### TASK STATEMENT
Return all lines of the records that contain the word "Open".

### EXERCISE INPUT
(* Let $X$ be a real reflexive Banach space, $T:X\rightrightarrows X^{\ast}$ maximally monotone, and $h\in\mathcal{H}(T)$. Then $\breve{T}_h$ is additive. Moreover, $\breve{T}_h$ is maximally additive if and only if $(\mathcal{A}h)^{\ast}\circ i=\mathcal{A}h$. Consequently, if $h^{\ast}\circ i=h$ then $\breve{T}_h$ is maximally additive.
   Context: $X^{\ast}$ is the dual of $X$ with pairing $\langle\cdot,\cdot\rangle$. The dual of $X\times X^{\ast}$ is identified with $X^{\ast}\times X$ via $\langle (x,x^{\ast}),(y^{\ast},y)\rangle=\langle x,y^{\ast}\rangle+\langle y,x^{\ast}\rangle$; for $g:X\times X^{\ast}\to\mathbb{R}\cup\{+\infty\}$, $g^{\ast}(y^{\ast},y)=\sup_{(x,x^{\ast})}\{\langle x,y^{\ast}\rangle+\langle y,x^{\ast}\rangle-g(x,x^{\ast})\}$, and $i(x,x^{\ast})=(x^{\ast},x)$. $\mathcal{H}(T)$ is the family of lower semicontinuous convex $h:X\times X^{\ast}\to\mathbb{R}\cup\{+\infty\}$ with $h(x,x^{\ast})\ge\langle x,x^{\ast}\rangle$ everywhere and equality whenever $x^{\ast}\in T(x)$. $\mathcal{A}h:=\tfrac12(h+h^{\ast}\circ i)$. For $\eta\ge0$, $\partial_\eta h(z)$ is the set of $(y^{\ast},y)\in X^{\ast}\times X$ with $h(w,w^{\ast})\ge h(z)+\langle (w,w^{\ast})-z,(y^{\ast},y)\rangle-\eta$ for all $(w,w^{\ast})$ when $h(z)<\infty$, and $\emptyset$ otherwise; $\breve{T}_h(\epsilon,x):=\{x^{\ast}:(x^{\ast},x)\in\partial_{2\epsilon}h(x,x^{\ast})\}$ for $\epsilon\ge0$. For $g\in\mathcal{H}(T)$, $L^{g}(\epsilon,x)=\{x^{\ast}:g(x,x^{\ast})\le\langle x,x^{\ast}\rangle+\epsilon\}$; the family $\mathbb{E}(T)$ of enlargements of $T$ consists exactly of the maps $L^g$, $g\in\mathcal{H}(T)$ (each with a unique $g$). An enlargement $E$ is additive if $\langle x-y,x^{\ast}-y^{\ast}\rangle\ge-(\epsilon_1+\epsilon_2)$ whenever $x^{\ast}\in E(\epsilon_1,x)$, $y^{\ast}\in E(\epsilon_2,y)$. An additive $E\in\mathbb{E}(T)$ is maximally additive if whenever $E'\in\mathbb{E}(T)$ is additive and $E(\epsilon,x)\subset E'(\epsilon,x)$ for all $\epsilon\ge0$, $x\in X$, then $E=E'$. *)

From HB Require Import structures.
From mathcomp Require Import all_boot all_order all_algebra.
From mathcomp Require Import all_classical all_reals all_analysis.
Set Implicit Arguments. Unset Strict Implicit. Unset Printing Implicit Defensive.
Import Order.TTheory GRing.Theory Num.Theory.
Import numFieldNormedType.Exports.
Local Open Scope classical_set_scope.
Local Open Scope ring_scope.

Section Defs.
Variables (R : realType) (X : normedModType R).

(* X^* is represented as the set of continuous linear functionals X -> R;
   an element x^* of X^* is a function f : X -> R with [is_dual f];
   the pairing <x, x^*> is f x. *)
Definition is_dual (f : X -> R) : Prop :=
  (forall (a : R) (u v : X), f (a *: u + v) = a * f u + f v) /\ continuous f.

Definition dnorm (f : X -> R) : R :=
  sup [set `|f x| | x in [set x : X | `|x| <= 1]].

Definition ddist (f g : X -> R) : R := dnorm (fun u => f u - g u).

(* reflexivity: the canonical embedding X -> X^** is onto, where X^** is the
   space of bounded (= continuous) linear functionals on (X^*, dnorm) *)
Definition reflexive_space : Prop :=
  forall phi : (X -> R) -> R,
    (forall (a b : R) (f g : X -> R), is_dual f -> is_dual g ->
       phi (fun u => a * f u + b * g u) = a * phi f + b * phi g) ->
    (exists C : R, forall f, is_dual f -> `|phi f| <= C * dnorm f) ->
    exists x : X, forall f, is_dual f -> phi f = f x.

### WRITTEN SOLUTION
Local Open Scope classical_set_scope.
Local Open Scope ring_scope.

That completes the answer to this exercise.